When the particle is at the center, forces cancel out. When displaced by a position vector $\vec{r}$ from the center, the force exerted by the $i$-th spring connected at position $\vec{R}_i$ on the ring is: $$ \vec{F}_i = -k(\vec{r} – \vec{R}_i) $$ Summing over all three springs (A, B, C): $$ \vec{F}_{net} = \sum \vec{F}_i = -k(3\vec{r}) + k(\vec{R}_A + \vec{R}_B + \vec{R}_C) $$ Since A, B, and C are equally spaced on the ring, their vector sum is zero ($\sum \vec{R}_i = 0$). $$ \vec{F}_{net} = -3k\vec{r} $$ Thus, the system behaves like a single spring with effective constant: $$ k_{eff} = 3k $$

The ring (mass $M = \eta m$) and the particle (mass $m$) are free to move.
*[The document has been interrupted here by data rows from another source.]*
(* the four corners cut out by [X] and [Y] each contain one [v m] and at most one vertex *)
Lemma crossing_side_cuts_card_A j1 j2 X Y :
  j1 != ord0 -> j2 != ord0 -> j1 != j2 -> X \subset A -> Y \subset A ->
  (forall m, (val (v m) \in X) = side j1 m) -> (forall m, (val (v m) \in Y) = side j2 m) ->
  #|cut X| = 4 -> #|cut Y| = 4 -> #|A| <= 4.
Proof.
move=> n1 n2 n12 sXA sYA mX mY cutX cutY.
have endsE (F : bool -> bool -> bool) W :
    (forall m, (val (v m) \in W) = F (side j1 m) (side j2 m)) ->
    ends_in W = F true true + F true false + F false true + F false false.
  by move=> WF; rewrite -(sum_side2 F n1 n2 n12); apply: eq_bigr => m _; rewrite WF.
have inD W m : (val (v m) \in A :\: W) = (val (v m) \notin W) by rewrite in_setD vA andbT.
have sYcA : A :\: Y \subset A := subsetDl A Y.
have cutYc : #|cut (A :\: Y)| = 4.
  have := card_cut_setD_ends sYA; rewrite cutY (endsE (fun _ b => b)) // => m; lia.
have [XY W] := crossing_cuts_corners sXA sYA cutX cutY
  ltac:(by rewrite (endsE andb) // => m; rewrite in_setI mX mY)
  ltac:(by rewrite (endsE (fun a b => ~~ (a || b))) // => m; rewrite inD in_setU mX mY).
have [XYc Wc] := crossing_cuts_corners sXA sYcA cutX cutYc
  ltac:(by rewrite (endsE (fun a b => a && ~~ b)) // => m; rewrite in_setI inD mX mY)
  ltac:(by rewrite (endsE (fun a b => ~~ (a || ~~ b))) // => m; rewrite inD in_setU inD mX mY).
rewrite setIDA (setIidPl sXA) in XYc.
rewrite setDUr setDDr setDv set0U (setIidPr sYA) in Wc.
rewrite -setDDl in W.
have := cardsID Y X; have := cardsID Y (A :\: X); have := cardsID X A.
rewrite (setIidPr sXA); lia.
Qed.

(* a cycle of [G[A]] spans at least [4] vertices, for otherwise its vertex set has a cut [<= 3] *)
Lemma card_A_le4_C4 : #|A| <= 4 -> is_C4 A.
Proof.
move=> A4; case: HAcyc => [[k [vs [es [[vi [ei jn]] inA]]]] _].
pose T := [set vs i | i : 'I_k.+1].
have cardT : #|T| = k.+1 by rewrite card_imset // card_ord.
have sTA : T \subset A by apply/subsetP => _ /imsetP [i _ ->].
have esT i : es i \in inner T by apply: joins_inner (jn i) _ _; apply: imset_f.
have innerT : k.+1 <= #|inner T|.
  rewrite -[k.+1]card_ord -(card_imset _ ei).
  by apply: subset_leq_card; apply/subsetP => _ /imsetP [i _ ->].
have cycT : has_cycle T by exists k, vs, es; split=> // i; apply: imset_f.
have T2 := (has_cycle_card Hl cycT).1.
have := subA_cut_ge4 sTA T2; have := cubic_handshake T Hcub; rewrite cardT => hs cutT.
have TA : T = A by apply/eqP; rewrite eqEcard sTA cardT; lia.
have k3 : k = 3 by move: A4; rewrite -TA cardT; lia.
subst k; have innerA : #|inner A| = 4 by have := cubic_handshake A Hcub; rewrite HA4 -TA cardT; lia.
have innerE : inner A = [set es i | i : 'I_4].
  apply/eqP; rewrite eq_sym eqEcard card_imset // card_ord innerA leqnn andbT.
  by apply/subsetP => _ /imsetP [i _ ->]; rewrite -TA.
exists vs, es; split=> //; split=> [x|f fA tA].
  by rewrite -TA; split=> [/imsetP [i _ ->]|[i <-]]; [exists i | apply: imset_f].
have : f \in inner A by rewrite inE fA tA.
by rewrite innerE => /imsetP [i _ ->]; exists i.
Qed.

Lemma GA_loopless j : loopless (GA v j).
Proof.
case=> [f|[m|]] //=; apply/negP => /eqP fst.
have := congr1 (fun x : gvert A => if x is inl a then val a else src (val f)) fst.
by move=> /= fst'; move: (Hl (val f)); rewrite fst' eqxx.
Qed.

Section SideCut.
Variables (j : 'I_4) (j0 : j != ord0).

Lemma GA_edge_conn3 : edge_conn (GA v j) 3.
Proof.
move=> S S0 ST; apply: (GA_cut_cases j0 S).1; rewrite card_gt0 //.
by apply: contraNneq ST => SC; rewrite -[S]setCK SC setC0.
Qed.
This is a two-body coupled oscillation problem.
The reduced mass $\mu$ of the system is: $$ \mu = \frac{m \cdot M}{m + M} = \frac{m (\eta m)}{m + \eta m} = \frac{\eta m^2}{m(1+\eta)} = \frac{\eta m}{1+\eta} $$

The angular frequency $\omega$ is given by $\sqrt{k_{eff} / \mu}$: $$ \omega = \sqrt{\frac{3k}{\left( \frac{\eta m}{1+\eta} \right)}} = \sqrt{\frac{3k(1+\eta)}{\eta m}} $$ The time period $T = \frac{2\pi}{\omega}$ is: $$ T = 2\pi \sqrt{\frac{\eta m}{3k(1+\eta)}} $$

Since the table is frictionless and there are no external horizontal forces, the Center of Mass (COM) of the system remains fixed.

Initial State ($t=0$):
Particle is at $x = r_0$.
Ring center is at $x = 0$ (Origin).

Location of COM ($X_{cm}$): $$ X_{cm} = \frac{m(r_0) + \eta m(0)}{m + \eta m} = \frac{r_0}{1+\eta} $$
Motion relative to COM: Both bodies oscillate about the COM with frequency $\omega$.
For the particle ($x_p$):
Amplitude $A_p = \text{Initial Pos} – X_{cm} = r_0 – \frac{r_0}{1+\eta} = \frac{\eta r_0}{1+\eta}$.
Equation: $x_p(t) = X_{cm} + A_p \cos(\omega t)$ $$ x_p(t) = \frac{r_0}{1+\eta} + \frac{\eta r_0}{1+\eta} \cos\left( \sqrt{\frac{3k(1+\eta)}{\eta m}} t \right) $$
For the ring ($x_r$):
Amplitude $A_r = \text{Initial Pos} – X_{cm} = 0 – \frac{r_0}{1+\eta} = -\frac{r_0}{1+\eta}$.
Equation: $x_r(t) = X_{cm} + A_r \cos(\omega t)$ $$ x_r(t) = \frac{r_0}{1+\eta} – \frac{r_0}{1+\eta} \cos\left( \sqrt{\frac{3k(1+\eta)}{\eta m}} t \right) $$